The morning of April 28 we'd hunted in vain for bisara, a thick pea breakfast soup drizzled with green olive oil from Moulay Idriss, but had given up, grabbed a couple kaab el ghzal ("gazelle's horns," small croissants stuffed with almond paste) and decided to e-mail our folks.
We were in a nearby Internet cafe when the blast hit. The clock rocked against the wall: 10:56. A man in a hooded shepherd's tunic at the terminal next door looked up at me, panicked, and then mimed ducking under his desk as a question. I wasn't sure how to answer. When no immediate second blast came, we hurried out of the building. No source of the explosion could be found, but Hunky Beau and I both had the same thought: the square. We walked about 100 meters and rounded the corner into catastrophe .
It looked like the Cafe Argana, a large, terraced tourist favorite, where backpackers regularly stopped for ice cream sundaes, had folded in on itself. A man dressed in a tuxedo gestured like a mad maitre d' from the collapsing second floor to the crowd below, most of which was covered with debris. We surged forward to see what we could do, but people were already hauling off bodies. I saw a frantically shaking, middle-aged white woman lifted in the air with no legs. A man's bald head lay on a table, an arm (his?) had landed like a limp bird on a crumpled metal railing. Yellow tablecloths were used as stretchers, as shrouds. Finally, the ambulances came.
Stunned, we walked slowly from the square. Morocco was supposed to be safe! Rumors quickly spread. Someone was smoking by a gas canister. An oven had exploded. An old furnace burst. Polisario, the Western Saharan separatist group, had struck. The anti-monarchical Fevrier 20 movement had turned violent. Possibly Al Qaeda itself?
It kind of was. In the end, 17 people died, Moroccans as well as foreigners, including a 10-year-old girl. A man in his 20s named Adel Othmani is accused of dressing "like a Western hippie" with long hair and a guitar case, ordering an orange juice, and leaving behind a bomb that he later detonated with a cell phone. (The Fevrier 20 movement led a peace vigil the night of the bombings, at which people symbolically drank glasses of orange juice to protest terrorism.) Al Qaeda in the Western Maghreb officially denied involvement — though it supported the outcome — but it seems Othmani was a terrorism junkie, trying previously to get into Iraq and Chechnya, and the government claims that he bombed the Argana as a tribute to Al Qaeda. This was like his audition! What psychological madness can grip our world's young. I had never been so close to pure evil.

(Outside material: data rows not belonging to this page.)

(* Let $G$ be a finite simple graph with $|E(G)| \le 2|V(G)| - 1$ and minimum degree $\delta(G) \ge 2$. Then there exists a vertex $v$ of $G$, with $k = \deg(v)$, such that at least one of the following holds: (B1) $k = 2$; (B2) $k = 3$ and at least two neighbours of $v$ have degree at most $4$; (B3) $k = 5$ and at least three neighbours of $v$ have degree at most $3$; (B4) $k = 6$ and at least five neighbours of $v$ have degree at most $3$; (B5) $k \ge 7$ and all $k$ neighbours of $v$ have degree at most $3$. *)

From mathcomp Require Import all_boot.
Set Implicit Arguments. Unset Strict Implicit. Unset Printing Implicit Defensive.

Definition simple_graph (T : finType) (e : rel T) : Prop :=
  symmetric e /\ irreflexive e.

Definition nbhd (T : finType) (e : rel T) (v : T) : {set T} := [set u | e v u].
Definition deg (T : finType) (e : rel T) (v : T) : nat := #|nbhd e v|.
Definition edges (T : finType) (e : rel T) : {set {set T}} :=
  [set [set x; y] | x in T, y in T & e x y].

From mathcomp Require Import all_boot zify.

Set Implicit Arguments.
Unset Strict Implicit.
Unset Printing Implicit Defensive.

(* Discharging.  Give each vertex of degree k the charge 2k - 8; by the
   handshake lemma the total charge is 4|E| - 8|V| < 0.  Let every vertex of
   degree at most 3 receive one unit from each neighbour of degree at least 5.
   If no vertex satisfies (B1)-(B5), all degrees are at least 3 and every final
   charge is nonnegative: a vertex of degree 3 has at least two neighbours of
   degree at least 5, and a vertex of degree 5, 6 or k >= 7 gives away at most
   2, 4 or k - 1 units.  Summing the final charges gives a contradiction. *)

(* (B1)-(B5) at a vertex of degree k having l3 (resp. l4) neighbours of degree
   at most 3 (resp. 4). *)
Definition configuration (k l3 l4 : nat) : bool :=
  [|| k == 2, (k == 3) && (2 <= l4), (k == 5) && (3 <= l3),
      (k == 6) && (5 <= l3) | (7 <= k) && (l3 == k)].

Lemma configurationP k l3 l4 :
  reflect (k = 2 \/ (k = 3 /\ 2 <= l4) \/ (k = 5 /\ 3 <= l3) \/
           (k = 6 /\ 5 <= l3) \/ (7 <= k /\ l3 = k))
          (configuration k l3 l4).
Proof. by apply: (iffP idP); rewrite /configuration; lia. Qed.

(* 2k - 8 + received - sent >= 0, with the subtractions moved across. *)
Lemma final_charge_nonneg k l3 l4 h :
  2 <= k -> l3 <= k -> k = l4 + h -> ~~ configuration k l3 l4 ->
  8 + (if 5 <= k then l3 else 0) <= 2 * k + (if k <= 3 then h else 0).
Proof. rewrite /configuration; case: ifP; case: ifP; lia. Qed.

Lemma card_set_sum (T : finType) (A : {pred T}) (P : pred T) :
  #|[set x in A | P x]| = \sum_(x in A) P x.
Proof.
rewrite -sum1_card big_mkcond [RHS]big_mkcond; apply: eq_bigr => x _.
by rewrite inE; case: (x \in A); case: (P x).
Qed.

Section Graph.

Variables (T : finType) (e : rel T).
Hypotheses (e_sym : symmetric e) (e_irr : irreflexive e).

Lemma card_edge E : E \in edges e -> #|E| = 2.
Proof.
case/imset2P => x y _; rewrite inE => exy ->.
by rewrite cards2; case: eqVneq exy => // ->; rewrite e_irr.
Qed.

Lemma edges_at v :
  [set E in edges e | v \in E] = [set [set v; u] | u in nbhd e v].
Proof.
apply/setP => E; rewrite !inE; apply/andP/imsetP => [[]|[u]].
  case/imset2P => x y _; rewrite inE => exy -> /set2P[]->.
    by exists y; rewrite // /nbhd inE.
  by exists x; rewrite 1?setUC // /nbhd inE e_sym.
rewrite /nbhd inE => evu ->; split; last by rewrite !inE eqxx.
by apply/imset2P; exists v u; rewrite ?inE.
Qed.

Lemma deg_edges_at v : deg e v = #|[set E in edges e | v \in E]|.
Proof.
rewrite edges_at card_in_imset // => u w; rewrite !inE => evu _ /setP/(_ u).
rewrite !inE eqxx orbT => /esym/orP[/eqP uv | /eqP //].
by move: evu; rewrite uv e_irr.
Qed.

Lemma sum_deg : \sum_v deg e v = 2 * #|edges e|.
Proof.
under eq_bigr do rewrite deg_edges_at card_set_sum.
rewrite exchange_big /= mulnC -sum_nat_const.
apply: eq_bigr => E /card_edge <-.
rewrite -sum1_card [RHS]big_mkcond; apply: eq_bigr => v _.
by case: (v \in E).
Qed.

Definition low_nbhd v d : {set T} := [set u in nbhd e v | deg e u <= d].

Lemma card_low_nbhd_le_deg v d : #|low_nbhd v d| <= deg e v.
Proof. by apply/subset_leq_card/subsetP => u; rewrite inE => /andP[]. Qed.

Lemma deg_low_high v d :
  deg e v = #|low_nbhd v d| + #|[set u in nbhd e v | d < deg e u]|.
Proof.
rewrite /deg -(cardsID [set u | deg e u <= d] (nbhd e v)).
by congr (_ + _); apply: eq_card => u; rewrite !inE 1?ltnNge 1?andbC.
Qed.

Definition gift u v : bool := [&& e u v, deg e u <= 3 & 5 <= deg e v].

Lemma gifts_received v :
  \sum_u gift v u =
    if deg e v <= 3 then #|[set u in nbhd e v | 4 < deg e u]| else 0.
Proof.
case: ifP => low_v; last by apply: big1 => u _; rewrite /gift low_v andbF.
rewrite card_set_sum [RHS]big_mkcond; apply: eq_bigr => u _.
by rewrite /gift /nbhd low_v inE; case: (e v u).
Qed.

Lemma gifts_sent v :
  \sum_u gift u v = if 5 <= deg e v then #|low_nbhd v 3| else 0.
Proof.
case: ifP => high_v; last by apply: big1 => u _; rewrite /gift high_v !andbF.
rewrite card_set_sum [RHS]big_mkcond; apply: eq_bigr => u _.
by rewrite /gift /nbhd high_v inE e_sym andbT; case: (e v u).
Qed.

Lemma charge_nonneg v :
  2 <= deg e v -> ~~ configuration (deg e v) #|low_nbhd v 3| #|low_nbhd v 4| ->
  8 + \sum_u gift u v <= 2 * deg e v + \sum_u gift v u.
Proof.
rewrite gifts_sent gifts_received => deg_v.
exact: final_charge_nonneg deg_v (card_low_nbhd_le_deg v 3) (deg_low_high v 4).
Qed.

End Graph.

Theorem lemma4 (T : finType) (e : rel T) :
  simple_graph e ->
  #|edges e| + 1 <= 2 * #|T| ->
  (forall v : T, 2 <= deg e v) ->
  exists v : T,
    let k := deg e v in
    let low d := #|[set u in nbhd e v | deg e u <= d]| in
    k = 2 \/
    (k = 3 /\ 2 <= low 4) \/
    (k = 5 /\ 3 <= low 3) \/
    (k = 6 /\ 5 <= low 3) \/
    (7 <= k /\ low 3 = k).
Proof.
move=> [e_sym e_irr] few_edges min_deg.
case: (boolP [exists v, configuration (deg e v)
                          #|low_nbhd e v 3| #|low_nbhd e v 4|]).
  by case/existsP => v /configurationP; exists v.
move/existsPn => no_config; exfalso.
have gifts_balance : \sum_v \sum_u gift e u v = \sum_v \sum_u gift e v u.
  by rewrite exchange_big.
have : \sum_v (8 + \sum_u gift e u v) <= \sum_v (2 * deg e v + \sum_u gift e v u).
  apply: leq_sum => v _; exact (charge_nonneg e_sym (min_deg v) (no_config v)).
rewrite [X in X <= _]big_split [X in _ <= X]big_split /= -big_distrr /= sum_deg //.
rewrite gifts_balance sum_nat_const -[#|xpredT|]/#|T|.
lia.
Qed.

The people of Marrakech are nothing if not resilient, though. A day later and it was almost as if nothing happened. Out came the snake charmers, out came the Quechua Frenchmen. (Al Qaeda is tired, anyway — the Arab Spring is mostly about the economy and internal reform, not religious war and anti-Westernism.) All the tourist restaurants and food stalls were closed in the square though. Since we were still in shock and hardly had any appetite, we took the opportunity to order some of the more adventurous things on offer in the market. A bowl of snails ladled by a handsome vendor held a surprisingly delicious broth (soup will always help) and the snails, extracted with a toothpick, were more chewy than slimy, like salty jerky.
And a shared ground beef heart sandwich, richer than anything, washed down with an avocado shake, even richer than that, helped calm our stomachs. Our thoughts, however, remained disquieted.
OK, food. "Thank you Facebook" read graffiti in English on Avenue Bourguiba, Tunis' main thoroughfare. "The women of Tunisia are and will remain free" read another in French. And another in Arabic: "Bourguiba is for the people," referring to either the road itself or the beloved Westernizing dictator it was named after, who ruled before the dictator the people just kicked out.
Tunisia is regarded as the most educated country in North Africa — a program of free schooling proved deposed authoritarian Ben Ali's undoing when students, frustrated by the lack of jobs, used their knowledge to organize and overthrow him. (We met a street hustler named Wassam, for example, who said he held degrees in art history, math, and textile design, because what else had there been for him to do except keep enrolling in school?) So if we felt intimidated that everyone in Morocco was expected to speak at least three languages fluently — French, Standad Arabic, and Moroccan Arabic — here was a whole country of people who could probably help build a superconductor.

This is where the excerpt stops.